## Dataset entries
---
Lemma threshold_sum_le (R : realType) (N : nat) (u v a1 a2 : R) :
  0 <= u -> 0 <= v -> u + v <= 1 -> 0 <= a1 <= 1 -> 0 <= a2 <= 1 ->
  \sum_(i < N) (u + v) * (if i.+1%:R * (u + v) <= N%:R * u then a1 else a2)
    <= N%:R * (u * a1 + v * a2) + 1.
Proof.
move=> u0 v0 s1 /andP[a10 a11] /andP[a20 a21].
have [s0|s_neq0] := eqVneq (u + v) 0.
  rewrite s0 big1 => [|i _]; last by rewrite mul0r.
  have [-> ->] : u = 0 /\ v = 0 by split; lra.
  by rewrite !mul0r addr0 mulr0 add0r.
set s := u + v in s1 s_neq0 *.
have s_gt0 : 0 < s by rewrite lt_neqAle eq_sym s_neq0 addr_ge0.
pose t := N%:R * u / s.
have st : s * t = N%:R * u by rewrite mulrC divfK.
have thr i : (i.+1%:R * s <= N%:R * u) = (i.+1%:R <= t) by rewrite ler_pdivlMr.
have t0 : 0 <= t by rewrite divr_ge0 // ?mulr_ge0 // ltW.
have tN : t < N.+1%:R.
  have N0 : 0 <= N%:R :> R := ler0n _ _.
  have us : u <= s by rewrite /s lerDl.
  rewrite ltr_pdivrMr // -natr1 mulrDl mul1r; nra.
set m : R := (Num.truncn t)%:R.
have /andP[mt tm] := truncn_itv t0; rewrite -natr1 -/m in tm.
have count : \sum_(i < N) (i.+1%:R <= t)%R%:R = m :> R.
  by rewrite sum_le_truncn //; congr _%:R; apply/minn_idPl; rewrite truncn_le_nat.
have -> : \sum_(i < N) s * (if i.+1%:R * s <= N%:R * u then a1 else a2)
          = s * (m * a1 + (N%:R - m) * a2).
  rewrite -mulr_sumr; congr (s * _).
  rewrite (eq_bigr (fun i : 'I_N => (i.+1%:R <= t)%R%:R * a1
                                    + (1 - (i.+1%:R <= t)%R%:R) * a2)).
    by rewrite big_split /= -!mulr_suml sumrB sumr_const card_ord count.
  by move=> i _; rewrite thr; case: ifP => _ /=; ring.
have -> : N%:R * (u * a1 + v * a2) = s * t * a1 + (N%:R * s - s * t) * a2.
  by rewrite st /s; ring.
(* the rounding error [s * (t - m)] lies in [0, s] *)
have err : 0 <= s * (t - m) <= 1 by apply/andP; split; nra.
nra.
Qed.

Section bounded_measurable.
Context {d : measure_display} {T : measurableType d} {R : realType}
  (P : probability T R).
Implicit Types f g : T -> R.

Definition bounded_measurable (f : T -> R) :=
  measurable_fun setT f /\ exists M : R, forall z, `|f z| <= M.

Lemma bounded_measurable_integrable f :
  bounded_measurable f -> P.-integrable setT (EFin \o f).
Proof.
move=> [mf [M fM]]; apply: measurable_bounded_integrable => //.
  by apply: le_lt_trans (probability_le1 P measurableT) _; rewrite ltry.
exists M; split; first by rewrite num_real.
by move=> y My x _; exact: le_trans (fM x) (ltW My).
Qed.

Lemma integral_bounded_EFin f : bounded_measurable f ->
  (\int[P]_z (f z)%:E)%E = (\int[P]_z f z)%:E.
Proof.
move=> bf; rewrite /Rintegral fineK //.
by apply: integrable_fin_num => //; exact: bounded_measurable_integrable.
Qed.

Lemma bounded_measurable_cst (a : R) : bounded_measurable (fun _ => a).
Proof. by split; [exact: measurable_cst | exists `|a|]. Qed.

Lemma bounded_measurable01 f : measurable_fun setT f ->
  (forall z, 0 <= f z <= 1) -> bounded_measurable f.
Proof.
move=> mf f01; split => //; exists 1 => z.
by have /andP[f0 f1] := f01 z; rewrite ger0_norm.
Qed.

Lemma bounded_measurableD f g : bounded_measurable f -> bounded_measurable g ->
  bounded_measurable (fun z => f z + g z).
Proof.
move=> [mf [M fM]] [mg [N gN]]; split; first exact: measurable_funD.
by exists (M + N) => z; apply: le_trans (ler_normD _ _) _; exact: lerD.
Qed.

Lemma bounded_measurableM f g : bounded_measurable f -> bounded_measurable g ->
  bounded_measurable (fun z => f z * g z).
Proof.
move=> [mf [M fM]] [mg [N gN]]; split; first exact: measurable_funM.
by exists (M * N) => z; rewrite normrM; exact: ler_pM.
Qed.

Lemma bounded_measurable_sum (I : Type) (r : seq I) (F : I -> T -> R) :
  (forall i, bounded_measurable (F i)) ->
  bounded_measurable (fun z => \sum_(i <- r) F i z).
Proof.
move=> bF; elim: r => [|i r IH].
  by under eq_fun do rewrite big_nil; exact: bounded_measurable_cst.
by under eq_fun do rewrite big_cons; exact: bounded_measurableD.
Qed.

Lemma Rintegral_prob_cst (a : R) : \int[P]_z a = a.
Proof.
rewrite Rintegral_cst // (_ : fine _ = 1) ?mulr1 //.
exact: (congr1 fine (probability_setT P)).
Qed.

Lemma RintegralD_bounded f g : bounded_measurable f -> bounded_measurable g ->
  \int[P]_z (f z + g z) = \int[P]_z f z + \int[P]_z g z.
Proof.
by move=> bf bg; apply: RintegralD => //; exact: bounded_measurable_integrable.
Qed.

Lemma RintegralZl_bounded a f : bounded_measurable f ->
  \int[P]_z (a * f z) = a * \int[P]_z f z.
Proof.
by move=> bf; apply: RintegralZl => //; exact: bounded_measurable_integrable.
Qed.

Lemma le_Rintegral_bounded f g : bounded_measurable f -> bounded_measurable g ->
  (forall z, f z <= g z) -> \int[P]_z f z <= \int[P]_z g z.
Proof.
by move=> bf bg fg; apply: le_Rintegral => //; exact: bounded_measurable_integrable.
Qed.

Lemma Rintegral_sum_bounded (I : Type) (r : seq I) (F : I -> T -> R) :
  (forall i, bounded_measurable (F i)) ->
  \int[P]_z (\sum_(i <- r) F i z) = \sum_(i <- r) \int[P]_z F i z.
Proof.
move=> bF; elim: r => [|i r IH].
  by under eq_Rintegral do rewrite big_nil; rewrite big_nil Rintegral_prob_cst.
under eq_Rintegral do rewrite big_cons.
by rewrite big_cons RintegralD_bounded ?IH //; exact: bounded_measurable_sum.
Qed.

End bounded_measurable.
(* For every $\eta>0$ there exists $k_0=k_0(\eta)$ such that for all $k\ge k_0$ and $n\ge2k$ the following holds. Let $P\subseteq[n]$ with $\eta\le|P|/n\le1-\eta$, and let $M$ be a matching of size $k$ in the complete graph on $[n]$, chosen uniformly at random among all such matchings. Then with probability at least $\frac56$, the number of edges $uv\in M$ with $u\in P$ and $v\notin P$ is at least $\eta k/25$. *)

From HB Require Import structures.
From mathcomp Require Import all_boot all_order all_algebra.
From mathcomp Require Import reals.
Set Implicit Arguments. Unset Strict Implicit. Unset Printing Implicit Defensive.
Import Order.TTheory GRing.Theory Num.Theory.

Definition Kedge (n : nat) (e : {set 'I_n}) : bool := #|e| == 2.

Definition is_matching (n : nat) (M : {set {set 'I_n}}) : bool :=
  [forall e in M, Kedge e] &&
  [forall e1 in M, forall e2 in M, (e1 != e2) ==> [disjoint e1 & e2]].

(* The (finite) set of all matchings of size k in K_n; the random matching
   is uniform on this set. *)
Definition matchings (n k : nat) : {set {set {set 'I_n}}} :=
  [set M | is_matching M && (#|M| == k)].

(* An edge uv with u in P and v not in P (i.e. exactly one endpoint in P). *)
Definition crossing (n : nat) (P : {set 'I_n}) (e : {set 'I_n}) : bool :=
  #|e :&: P| == 1.

Definition ncross (n : nat) (P : {set 'I_n}) (M : {set {set 'I_n}}) : nat :=
  #|[set e in M | crossing P e]|.

From HB Require Import structures.
From mathcomp Require Import all_boot all_order all_algebra.
From mathcomp Require Import reals.
From mathcomp Require Import fingroup perm action primitive_action alt.
From mathcomp Require Import zify ring lra.
Import Order.TTheory GRing.Theory Num.Theory.

Set Implicit Arguments. Unset Strict Implicit. Unset Printing Implicit Defensive.

(* Second-moment method.  Let X be the number of crossing edges of the random
   k-matching and q the fraction of edges of K_n that cross, so q >= eta.
   Relabelling the vertices by a permutation preserves the uniform
   distribution, and permutations act transitively on edges and on ordered
   pairs of disjoint edges; hence E[X] = k q =: mu and
   E[X (X - 1)] <= k^2 q^2 'C(n, 2) / 'C(n - 2, 2) <= 27/25 mu^2 once n >= 54.
   So Var X <= mu + 2/25 mu^2, and as mu >= eta k >= 20 Chebyshev's inequality
   bounds Pr[X < eta k / 25] by (mu + 2/25 mu^2) / (24/25 mu)^2 < 1/6. *)

Lemma perm_map_uniq (T : finType) (s t : seq T) :
  uniq s -> uniq t -> size s = size t -> exists g : {perm T}, map g s = t.
Proof.
move=> us ut st.
have le_sT : size s <= #|T| by rewrite -(card_uniqP us) max_card.
have tr := ntransitive_weak le_sT (Sym_trans T).
pose ts := in_tuple s; pose tt : (size s).-tuple T := Tuple (introT eqP (esym st)).
have [] := atransP2 tr (_ : ts \in _) (_ : tt \in _).
- by rewrite inE us; apply/subsetP.
- by rewrite inE ut; apply/subsetP.
by move=> g _ /(congr1 val) gst; exists g.
Qed.

Lemma imset_map_enum (T : finType) (g : T -> T) (A B : {set T}) :
  map g (enum A) = enum B -> g @: A = B.
Proof.
move=> gAB; apply/setP => y; transitivity (y \in enum B); last exact: mem_enum.
by rewrite -gAB; apply/imsetP/mapP => -[x xA ->]; exists x; rewrite ?mem_enum in xA *.
Qed.

Lemma perm_imset2_transitive (T : finType) (A B A' B' : {set T}) :
  #|A| = #|A'| -> #|B| = #|B'| -> [disjoint A & B] -> [disjoint A' & B'] ->
  exists g : {perm T}, g @: A = A' /\ g @: B = B'.
Proof.
move=> AA' BB' dAB dAB'.
have uniq_enum2 (X Y : {set T}) : [disjoint X & Y] -> uniq (enum X ++ enum Y).
  move=> dXY; rewrite cat_uniq !enum_uniq andbT /=; apply/hasPn => y.
  by rewrite !mem_enum => Yy; apply: contraL dXY => Xy; apply/pred0Pn; exists y; apply/andP.
have [|g] := perm_map_uniq (uniq_enum2 _ _ dAB) (uniq_enum2 _ _ dAB').
  by rewrite !size_cat -!cardE AA' BB'.
rewrite map_cat => /eqP; rewrite eqseq_cat; last by rewrite size_map -!cardE.
by case/andP=> /eqP/imset_map_enum gA /eqP/imset_map_enum gB; exists g.
Qed.

Lemma perm_imset_transitive (T : finType) (A A' : {set T}) :
  #|A| = #|A'| -> exists g : {perm T}, g @: A = A'.
Proof.
move=> AA'; have d0 (X : {set T}) : [disjoint X & set0] by rewrite -setI_eq0 setI0.
by have [g [gA _]] := perm_imset2_transitive AA' (erefl #|set0|) (d0 A) (d0 A'); exists g.
Qed.

Lemma card_set_sum (T : finType) (A : {pred T}) (P : pred T) :
  #|[set x in A | P x]| = \sum_(x in A) P x.
Proof.
by rewrite -sum1dep_card big_mkcondr; apply: eq_bigr => x _; case: (P x).
Qed.

Lemma double_count_transitive (I T : finType) (A : {set I}) (X : {set T})
    (r : I -> T -> bool) (c : pred I) :
  {in A &, forall i j, #|[set x in X | r i x]| = #|[set x in X | r j x]|} ->
  (\sum_(x in X) #|[set i in A | c i && r i x]|) * #|A| =
  #|[set i in A | c i]| * \sum_(x in X) #|[set i in A | r i x]|.
Proof.
move=> rA.
have exchange (b : pred I) : \sum_(x in X) #|[set i in A | b i && r i x]| =
    \sum_(i in A) b i * #|[set x in X | r i x]|.
  rewrite (eq_bigr (fun x => \sum_(i in A) (b i && r i x))) => [|x _]; last first.
    exact: card_set_sum.
  rewrite exchange_big; apply: eq_bigr => i _; rewrite card_set_sum big_distrr.
  by apply: eq_bigr => x _; case: (b i); case: (r i x).
rewrite exchange (exchange predT) card_set_sum -sum1_card !big_distrl.
apply: eq_bigr => i iA; rewrite !big_distrr; apply: eq_bigr => j jA /=.
by rewrite muln1 mul1n (rA i j).
Qed.

Lemma card_offdiag (T : finType) (A : {set T}) :
  #|[set p in setX A A | p.1 != p.2]| = #|A| * #|A|.-1.
Proof.
have diag : #|setX A A :&: [set p | p.1 == p.2]| = #|A|.
  rewrite -[RHS](card_imset _ (fun x y (xy : (x, x) = (y, y)) => congr1 fst xy)).
  apply: eq_card => -[x y]; rewrite !inE /=.
  apply/andP/imsetP => [[/andP[xA _] /eqP <-] | [z zA [-> ->]]]; first by exists x.
  by rewrite zA.
have := cardsID [set p | p.1 == p.2] (setX A A); rewrite diag cardsX setDE -setIdE.
rewrite -subn1 mulnBr muln1 => <-; rewrite addKn; apply: eq_card => p.
by rewrite !inE.
Qed.

Section Matchings.

Variable n : nat.
Implicit Types (e : {set 'I_n}) (M : {set {set 'I_n}}) (s : {perm 'I_n}).

Definition edges := [set e : {set 'I_n} | Kedge e].

Definition disjoint_edge_pairs :=
  [set p : {set 'I_n} * {set 'I_n} | [&& Kedge p.1, Kedge p.2 & [disjoint p.1 & p.2]]].

Lemma card_edges : #|edges| = 'C(n, 2).
Proof. by rewrite card_draws card_ord. Qed.

Lemma card_disjoint_edge_pairs : #|disjoint_edge_pairs| = 'C(n, 2) * 'C(n - 2, 2).
Proof.
rewrite -sum1dep_card -(pair_big_dep (fun e1 => #|e1| == 2)
   (fun e1 e2 => (#|e2| == 2) && [disjoint e1 & e2]) (fun _ _ => 1)) /=.
rewrite (eq_bigr (fun _ => 'C(n - 2, 2))) => [|e1 /eqP e1_2].
  by rewrite sum_nat_const -card_edges cardsE.
have -> : n - 2 = #|~: e1| by have := cardsC e1; rewrite e1_2 card_ord; lia.
rewrite sum1dep_card -cards_draws; apply: eq_card => e2.
by rewrite !inE disjoint_sym disjoints_subset andbC.
Qed.
Section Reflections.
Variable R : rcfType.
Implicit Types (a x y : 'rV[R]_4) (c : R).

Lemma dotE x y :
  dot x y = x 0 0 * y 0 0 + x 0 i1 * y 0 i1 + x 0 i2 * y 0 i2 + x 0 i3 * y 0 i3.
Proof. exact: big_ord4. Qed.

Lemma dotC x y : dot x y = dot y x.
Proof. by apply: eq_bigr => i _; rewrite mulrC. Qed.

Lemma dotBl x y a : dot (x - y) a = dot x a - dot y a.
Proof. by rewrite /dot -sumrB; apply: eq_bigr => i _; rewrite !mxE mulrBl. Qed.

Lemma dotZl c x a : dot (c *: x) a = c * dot x a.
Proof. by rewrite /dot mulr_sumr; apply: eq_bigr => i _; rewrite !mxE mulrA. Qed.

Lemma dotBr x y a : dot a (x - y) = dot a x - dot a y.
Proof. by rewrite dotC dotBl !(dotC a). Qed.

Lemma dotZr c x a : dot a (c *: x) = c * dot a x.
Proof. by rewrite dotC dotZl dotC. Qed.

Lemma reflE a x j : refl a x 0 j = x 0 j - 2 * dot x a * a 0 j.
Proof. by rewrite !mxE. Qed.

Section UnitRoot.
Variables (a : 'rV[R]_4) (a_unit : dot a a = 1).

Lemma dot_refl_root x : dot (refl a x) a = - dot x a.
Proof. by rewrite /refl dotBl dotZl a_unit; ring. Qed.

Lemma dot_refl x : dot (refl a x) (refl a x) = dot x x.
Proof. by rewrite {1}/refl dotBl dotZl (dotC a) dot_refl_root /refl dotBr dotZr; ring. Qed.

Lemma reflK : involutive (refl a).
Proof. by move=> x; rewrite {1}/refl dot_refl_root /refl mulrN scaleNr opprK subrK. Qed.

End UnitRoot.

Lemma refl_inV a x : inV a -> inV x -> inV (refl a x).
Proof. by rewrite /inV reflE => -> ->; rewrite mulr0 subr0. Qed.

End Reflections.

Section Roots.
Variable R : rcfType.
Local Notation sgn := (sgn R).
Implicit Types (v : 'rV[R]_4) (x y : R).

Lemma sgn_sqr b : sgn b ^+ 2 = 1.
Proof. by case: b; rewrite /Defs.sgn ?expr1 ?expr0 ?sqrrN expr1n. Qed.

Lemma Delta_gen_unit (t t' : R) v : t ^+ 2 + t' ^+ 2 = 3 -> Delta_gen t t' v -> dot v v = 1.
Proof.
move=> tt' [[i [b ->]] | [[s ->] | [p [b1 [b2 [b3 [_ ->]]]]]]].
- rewrite /dot (bigD1 i) //= big1 => [|j /negbTE ji]; last by rewrite !mxE ji mulr0 mul0r.
  by rewrite !mxE eqxx mulr1 -expr2 sgn_sqr addr0.
- by rewrite dotE !mxE -!expr2 !expr_div_n !sgn_sqr; field.
- set g := fun k : 'I_4 => nth 0 [:: 0; sgn b1; sgn b2 * t'; sgn b3 * t] k / 2.
  rewrite /dot (eq_bigr (fun j => g (p j) ^+ 2)) => [|j _]; last by rewrite !mxE expr2.
  rewrite -(reindex_inj (@perm_inj _ p) (P := xpredT) (F := fun k => g k ^+ 2)).
  rewrite big_ord4 /g /= !val_iE /=.
  by rewrite !expr_div_n !exprMn !sgn_sqr !mul1r; lra.
Qed.

Lemma inRR0 : inRR (0 : R).
Proof. by rewrite -(subrr 1); apply: rr_add; [|apply: rr_opp]; apply: rr_one. Qed.

Lemma inRRB x y : inRR x -> inRR y -> inRR (x - y).
Proof. by move=> hx hy; apply: rr_add => //; apply: rr_opp. Qed.

Lemma inRR_nat n : inRR (n%:R : R).
Proof.
by elim: n => [|n IH]; rewrite ?mulr0n ?mulrS; [apply: inRR0 | apply: rr_add => //; apply: rr_one].
Qed.

Lemma inRR_sgn b : inRR (sgn b).
Proof. by case: b; rewrite /Defs.sgn ?expr1 ?expr0; [apply: rr_opp|]; apply: rr_one. Qed.

Lemma inRR_half x : inRR x -> inRR (x / 2).
Proof. by move=> hx; rewrite -[x / 2]mul1r mulrCA; apply: rr_mul => //; apply: rr_half. Qed.

Lemma inRR_tau' : inRR (tau' R).
Proof. by rewrite tau'E; apply: inRRB; [apply: rr_one | apply: rr_tau]. Qed.

Lemma Delta_gen_inRR (t t' : R) v : inRR t -> inRR t' -> Delta_gen t t' v ->
  forall i, inRR (v 0 i).
Proof.
move=> ht ht' [[i [b ->]] | [[s ->] | [p [b1 [b2 [b3 [_ ->]]]]]]] j; rewrite !mxE.
- by apply: rr_mul; [apply: inRR_sgn | case: (j == i); [apply: rr_one | apply: inRR0]].
- exact/inRR_half/inRR_sgn.
- apply: inRR_half; case: (p j) => -[|[|[|[|//]]]] _ /=; rewrite ?nth_nil;
    by [apply: inRR0 | apply: inRR_sgn | apply: rr_mul => //; apply: inRR_sgn].
Qed.

Lemma refl_inRR (a x : 'rV[R]_4) : (forall i, inRR (a 0 i)) -> (forall i, inRR (x 0 i)) ->
  forall i, inRR (refl a x 0 i).
Proof.
move=> ha hx i; rewrite reflE dotE; apply: inRRB => //.
by do !apply: rr_mul => //; first (by apply: inRR_nat); do !apply: rr_add; apply: rr_mul.
Qed.

Lemma DeltaU_unit_inRR v : DeltaU v -> dot v v = 1 /\ forall i, inRR (v 0 i).
Proof.
case=> hv; split.
- exact: Delta_gen_unit (tau_sqrD R) hv.
- exact: Delta_gen_inRR (rr_tau R) inRR_tau' hv.
- by apply: Delta_gen_unit hv; rewrite addrC tau_sqrD.
- exact: Delta_gen_inRR inRR_tau' (rr_tau R) hv.
Qed.

Lemma Sigma_unit_inRR (x : 'rV[R]_4) : Sigma x -> dot x x = 1 /\ forall i, inRR (x 0 i).
Proof.
case=> g [y [gen_g [/DeltaU_unit_inRR hy ->]]]; elim: gen_g => //= a g' ha _ [ih1 ih2].
have [a_unit a_RR] := DeltaU_unit_inRR ha.
by split; [rewrite dot_refl | apply: refl_inRR].
Qed.

Lemma Delta3U_DeltaU v : Delta3U v -> DeltaU v /\ inV v.
Proof. by case=> -[]; split => //; [left | right]. Qed.

Lemma Sigma3_Sigma_inV (x : 'rV[R]_4) : Sigma3 x -> Sigma x /\ inV x.
Proof.
case=> g [y [gen_g [/Delta3U_DeltaU[y_U y_V] ->]]]; split.
  exists g, y; split => //; elim: gen_g => [|a g' /Delta3U_DeltaU[a_U _] _ IH]; first exact: gen_id.
  exact: gen_step.
elim: gen_g => //= a g' /Delta3U_DeltaU[_ a_V] _ IH; exact: refl_inV.
Qed.
(* The total product x * y = x > y + x < y of an antidendriform algebra is
   antiassociative: add up the three antidendriform axioms. *)
Lemma antidend_total_antiassoc (K : fieldType) (V : lmodType K)
    (s p m : V -> V -> V) :
  antidend s p -> pw_sum m s p -> antiassoc m.
Proof.
case=> hs [hp ax] msp; split=> [|x y z]; first exact: bilin_pw_sum msp hs hp.
have [ppx spx ssx] := ax x y z.
rewrite (bilinDr hp) in ppx; rewrite (bilinDl hs) in ssx.
rewrite !msp (bilinDl hs) (bilinDl hp) (bilinDr hs) (bilinDr hp) ppx spx ssx.
by rewrite !opprD !opprK !addrA.
Qed.

(* Additive identities between matrices are checked entrywise by [ring]; this
   is why the general results below are stated for matrix spaces. *)
Ltac mx_ring := apply/matrixP=> ? ?; rewrite !mxE; ring.

(* Closes a goal [lhs = rhs] between matrices from a hypothesis [E] whose
   entrywise defect is, up to sign, that of the goal. *)
Ltac solve_by_defect E :=
  let i := fresh "i" in let j := fresh "j" in let Eij := fresh "Eij" in
  apply/matrixP => i j;
  have Eij := congr1 (fun M => @fun_of_matrix _ _ _ M i j) E;
  rewrite /= ?mxE in Eij *;
  lazymatch type of Eij with ?e1 = ?e2 =>
    apply/eqP; rewrite -subr_eq0; apply/eqP;
    first [ transitivity (e1 - e2); [ring | by rewrite Eij subrr]
          | transitivity (- (e1 - e2)); [ring | by rewrite Eij subrr oppr0] ]
  end.

(* Simplifies a component identity [E] of an antiassociativity identity on a
   sum, where [zeros] kills the products with a zero argument, then closes the
   goal from it. *)
Ltac component_defect zeros E :=
  do 3 rewrite /sum_op /= ?zeros ?addr0 ?add0r ?oppr0 in E; solve_by_defect E.

Section MatchedPairOfAntiassociative.
Variables (K : fieldType) (m1 m2 m3 m4 : nat).
Local Notation A := 'M[K]_(m1, m2).
Local Notation B := 'M[K]_(m3, m4).
Variables (mA : A -> A -> A) (mB : B -> B -> B).
Variables (lA rA : A -> B -> B) (lB rB : B -> A -> A).
Local Notation mul := (sum_op mA mB lA rA lB rB).

Lemma bilin_sum_op : bilin mA -> bilin mB -> bilin lA -> bilin rA ->
  bilin lB -> bilin rB -> bilin mul.
Proof.
move=> hmA hmB hlA hrA hlB hrB.
have linear := (bilinDl hmA, bilinDr hmA, bilinZl hmA, bilinZr hmA,
  bilinDl hmB, bilinDr hmB, bilinZl hmB, bilinZr hmB,
  (bilinDl hlA, bilinDr hlA, bilinZl hlA, bilinZr hlA,
   bilinDl hrA, bilinDr hrA, bilinZl hrA, bilinZr hrA),
  (bilinDl hlB, bilinDr hlB, bilinZl hlB, bilinZr hlB,
   bilinDl hrB, bilinDr hrB, bilinZl hrB, bilinZr hrB)).
by split=> [[x a]|[y b]] c [x1 a1] [x2 a2]; rewrite /sum_op /=;
  congr pair; rewrite !linear; mx_ring.
Qed.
---
## EXERCISE AIM
Beginning at the line above with "by rewrite muln1 mul1n (rA i j)." and finishing at the line with "Proof. by rewrite card_draws card_ord. Qed.", return each line exactly and return nothing else.

## FINISHED TASK
by rewrite muln1 mul1n (rA i j).
Qed.

Lemma card_offdiag (T : finType) (A : {set T}) :
  #|[set p in setX A A | p.1 != p.2]| = #|A| * #|A|.-1.
Proof.
have diag : #|setX A A :&: [set p | p.1 == p.2]| = #|A|.
  rewrite -[RHS](card_imset _ (fun x y (xy : (x, x) = (y, y)) => congr1 fst xy)).
  apply: eq_card => -[x y]; rewrite !inE /=.
  apply/andP/imsetP => [[/andP[xA _] /eqP <-] | [z zA [-> ->]]]; first by exists x.
  by rewrite zA.
have := cardsID [set p | p.1 == p.2] (setX A A); rewrite diag cardsX setDE -setIdE.
rewrite -subn1 mulnBr muln1 => <-; rewrite addKn; apply: eq_card => p.
by rewrite !inE.
Qed.

Section Matchings.

Variable n : nat.
Implicit Types (e : {set 'I_n}) (M : {set {set 'I_n}}) (s : {perm 'I_n}).

Definition edges := [set e : {set 'I_n} | Kedge e].

Definition disjoint_edge_pairs :=
  [set p : {set 'I_n} * {set 'I_n} | [&& Kedge p.1, Kedge p.2 & [disjoint p.1 & p.2]]].

Lemma card_edges : #|edges| = 'C(n, 2).
Proof. by rewrite card_draws card_ord. Qed.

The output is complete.